The Indian rupee may be in for a squeeze in 2016 as the country's banking problem is slowly morphing into an external debt crisis.
Currency's fall a major concern, Matein Khalid stresses
Published: Mon 28 Dec 2015, 10:00 PM
Updated: Tue 29 Dec 2015, 1:29 AM
- By
- Matein Khalid/Currencies
In spring 2011, an Indian celebrity financier visited the NRI Jay Gatsbys in Emirates Hills pitching his firm's latest private equity fund. I declined to invest because then-RBI governor Subbarao was doing Congress' bidding with a 20 per cent rise in the money supply. I wrote successive articles in KT predicting a major depreciation in the Indian rupee and warning my friends to beware the India Shining hype and rupee risk. At an investment conference in London, an Indian bank CEO told me I was clueless about the rupee since I was from the other side of the Radcliffe Award, that the rupee was headed to 35 against the dollar. As always, time will tell, I responded.
Fast-forward to August 2013; the Indian rupee fell to 68 and the captains and kings (Amils/Bhaibans!) of Emirates Hills lost 50 per cent of their capital due to rupee depreciation alone.
So I watch the fall of the Indian rupee to two-year lows at 66 with deep concern. The Fed rate hikes coincide with offshore money outflows from Dalal Street, the reason the Sensex was slammed to 25,000. Conventional wisdom states that RBI Governor Rajan - India's Paul Volcker - alone is sufficient to stabilise the rupee. Wrong. The Indian rupee can well fall to 74 against the US dollar in 2016. Why?
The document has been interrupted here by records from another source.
(* Let $p$ be an odd prime, $q=p^e$, and let $n,k$ be positive integers. Then: (1) For every $y$ in a field extension of $\mathbb{F}_p$ with $y\neq \tfrac12$, $F_n(1,y(1-y))=\dfrac{y^n-(1-y)^n}{2y-1}$; moreover $F_n(1,\tfrac14)=\dfrac{n}{2^{n-1}}$ in $\mathbb{F}_p$. (2) If $\gcd(n,k)=1$, then $F_{np^k}(1,x)=\bigl(F_n(1,x)\bigr)^{p^k}(1-4x)^{\frac{p^k-1}{2}}$ as polynomials over $\mathbb{F}_p$. (3) If $n_1,n_2$ are positive integers with $n_1\equiv n_2\pmod{q^2-1}$, then $F_{n_1}(1,x_0)=F_{n_2}(1,x_0)$ for every $x_0\in\mathbb{F}_q\setminus\{\tfrac14\}$.
   Context: For an integer $n\ge 1$, the $n$-th reversed Dickson polynomial of the third kind is $F_n(a,x)=\sum_{i=0}^{\lfloor n/2\rfloor}\frac{n-2i}{n-i}\binom{n-i}{i}(-x)^i a^{n-2i}$, where each coefficient $\frac{n-2i}{n-i}\binom{n-i}{i}$ is an integer (read in the field), and $F_0(a,x)=0$. Thus $F_n(1,x)$ is a polynomial with coefficients in $\mathbb{F}_p$. *)

From HB Require Import structures.
From mathcomp Require Import all_boot all_order all_algebra all_field.
Set Implicit Arguments. Unset Strict Implicit. Unset Printing Implicit Defensive.
Import Order.TTheory GRing.Theory Num.Theory.
Local Open Scope ring_scope.

(* Coefficient (n-2i)/(n-i) * C(n-i,i) of the reversed Dickson polynomial of
   the third kind; it is an integer, computed here by exact nat division
   (for n = 0 it is 0, consistent with F_0 = 0). *)
Definition rdick3_coef (n i : nat) : nat :=
  (((n - i.*2) * 'C(n - i, i)) %/ (n - i))%N.

Definition rdick3 {R : comNzRingType} (n : nat) (a x : R) : R :=
  if n is 0 then 0 else
  \sum_(i < n./2.+1) (rdick3_coef n i)%:R * (- x) ^+ i * a ^+ (n - i.*2).

From HB Require Import structures.
From mathcomp Require Import all_boot all_order all_algebra all_field.
From mathcomp Require Import ring zify.
Set Implicit Arguments. Unset Strict Implicit. Unset Printing Implicit Defensive.
Import Order.TTheory GRing.Theory Num.Theory.
Local Open Scope ring_scope.

(* F_n(1, x) is the sequence u_n with u_0 = 0, u_1 = 1, u_(n+2) = u_(n+1) - x u_n,
   so modulo X^2 - X + x one has X^n = u_n X - x u_(n-1), and identities between the
   u_n are read off by comparing linear remainders.  Part (1) is the Binet formula for
   the roots y, 1 - y of X^2 - X + y(1 - y).  Since (2X - 1)^2 = 1 - 4x modulo
   X^2 - X + x, for odd q we get (2X - 1)^q = (1 - 4x)^((q-1)/2) (2X - 1), while for
   q = p^k the Frobenius gives (2X - 1)^q = 2X^q - 1; hence u_q = (1 - 4x)^((q-1)/2),
   and expanding (X^n)^q gives u_(nq) = u_n^q u_q.  Over F_q the factor
   (1 - 4x)^((q-1)/2) is +-1 and fixed by the Frobenius, which yields X^(q^2) = X,
   i.e. the period q^2 - 1 of part (3). *)

Section Lucas.
Variable R : comNzRingType.

Fixpoint lucas (x : R) (n : nat) : R :=
  match n with
  | 0 => 0
  | 1 => 1
  | (m.+1 as n').+1 => lucas x n' - x * lucas x m
  end.

Lemma lucasSS x n : lucas x n.+2 = lucas x n.+1 - x * lucas x n.
Proof. by []. Qed.

Definition lucas_sum (x : R) (n : nat) : R :=
  \sum_(i < n) 'C(n.-1 - i, i)%:R * (- x) ^+ i.

Lemma lucas_sumSS x n :
  lucas_sum x n.+2 = lucas_sum x n.+1 - x * lucas_sum x n.
Proof.
rewrite /lucas_sum big_ord_recl [in RHS]big_ord_recl big_ord_recr /=.
rewrite subnn bin0n mul0r addr0 !subn0 !bin0 !expr0.
have pascal : \sum_(i < n) 'C(n.+1 - bump 0 i, bump 0 i)%:R * (- x) ^+ bump 0 i
    = \sum_(i < n) 'C(n - bump 0 i, bump 0 i)%:R * (- x) ^+ bump 0 i
    - x * \sum_(i < n) 'C(n.-1 - i, i)%:R * (- x) ^+ i.
  rewrite mulr_sumr -sumrN -big_split /=; apply: eq_bigr => i _.
  have i_lt := ltn_ord i; rewrite /bump /= add1n.
  have -> : (n.+1 - i.+1 = (n - i.+1).+1)%N by lia.
  have -> : (n - i.+1 = n.-1 - i)%N by lia.
  by rewrite binS natrD exprS; ring.
by rewrite pascal; ring.
Qed.

Lemma lucas_binomial x n : lucas x n = lucas_sum x n.
Proof.
elim/ltn_ind: n => -[|[|n]] IH.
- by rewrite /lucas_sum big_ord0.
- by rewrite /lucas_sum big_ord1 /= bin0 mulr1.
- by rewrite lucasSS lucas_sumSS !IH.
Qed.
India's banking crisis is slowly morphing into an external debt crisis. This was the reason the rupee was Asia's worst-performing currency in November 2015, even though crude oil collapsed 12 per cent even before the Vienna debacle. True, RBI reserves are $350 billion, well above the August 2013 "taper tantrum" levels at $275 billion. Yet these reserves are a mere 16 per cent of GDP, far below, say, Singapore's 100 per cent or Taiwan's 84 per cent of GDP. India's foreign debt and external liabilities have risen alarmingly even as the current account deficit has narrowed to two per cent of GDP, thanks to a $60 billion crude oil import bill windfall. Note the almost $100 billion in short term hot money, offshore borrowings and NRI deposits via Dr Rajan's concessional swaps during the rupee crisis of August 2013. India's net international investments (assets liabilities) is now an alarming $370 billion, a six-fold rise since the 2008 financial crisis. Offshore hot money, short term borrowings and trade credit done is $300 billion.
India's foreign reserves are low compared to its external debt, a kiss of death for the rupee in a higher Fed rate and King Dollar milieu. India's external debt (government and private) is now a dangerous 1.45 times state reserves Short-term external debt is 25 per cent of sovereign reserves. The real sword of Damocles for the Indian rupee is the surge in private sector external borrowings, now a staggering 19 per cent of GDP. This is primarily due to a binge in Corporate (oligarch?) India's external commercial borrowings, bank loans, notes and bond issues floated in Vilayetistan. These tripled in Congress' second term and are eight per cent of GDP, a sad indictment of Dr Manmohan Singh's economics legacy. It is obvious that New Dehli allowed Congress's darling oligarchs to run amok in the world's debt private placement and syndicated loans markets.
India's private sector is leveraged and faces a short US dollar funding mismatch that will spell disaster in 2016 as King Dollar continues to rise. Indian banking's non-performing/restructured loan ratio is a shocking 11 per cent of all loans in 2015, the reason Dr Rajan ordered a hike in provisions. Private sector debt has basically doubled in the past decade. To borrow a Churchillian metaphor, never in the history of Indian capitalism have so few owed so much to so many. Corporate leverage is at dangerous levels at a time when world trade is shrinking, $200 billion in bad loans gut the banking system and a fall in inflation has raised real borrowing costs. This is the worst possible global economic and monetary environment to have an external debt crisis. The IMF has warned India about its high foreign exchange leverage. The IMF estimates that 60 per cent of Indian corporate debt is at risk given the US dollar/Fed rate shock. While the RBI will manage the rupee's fall, it will not prevent it, if only because the currency wars have now come to Mumbai, thanks to the Chinese Politburo. The offshore debt chickens of India Inc will come home to roost in 2016.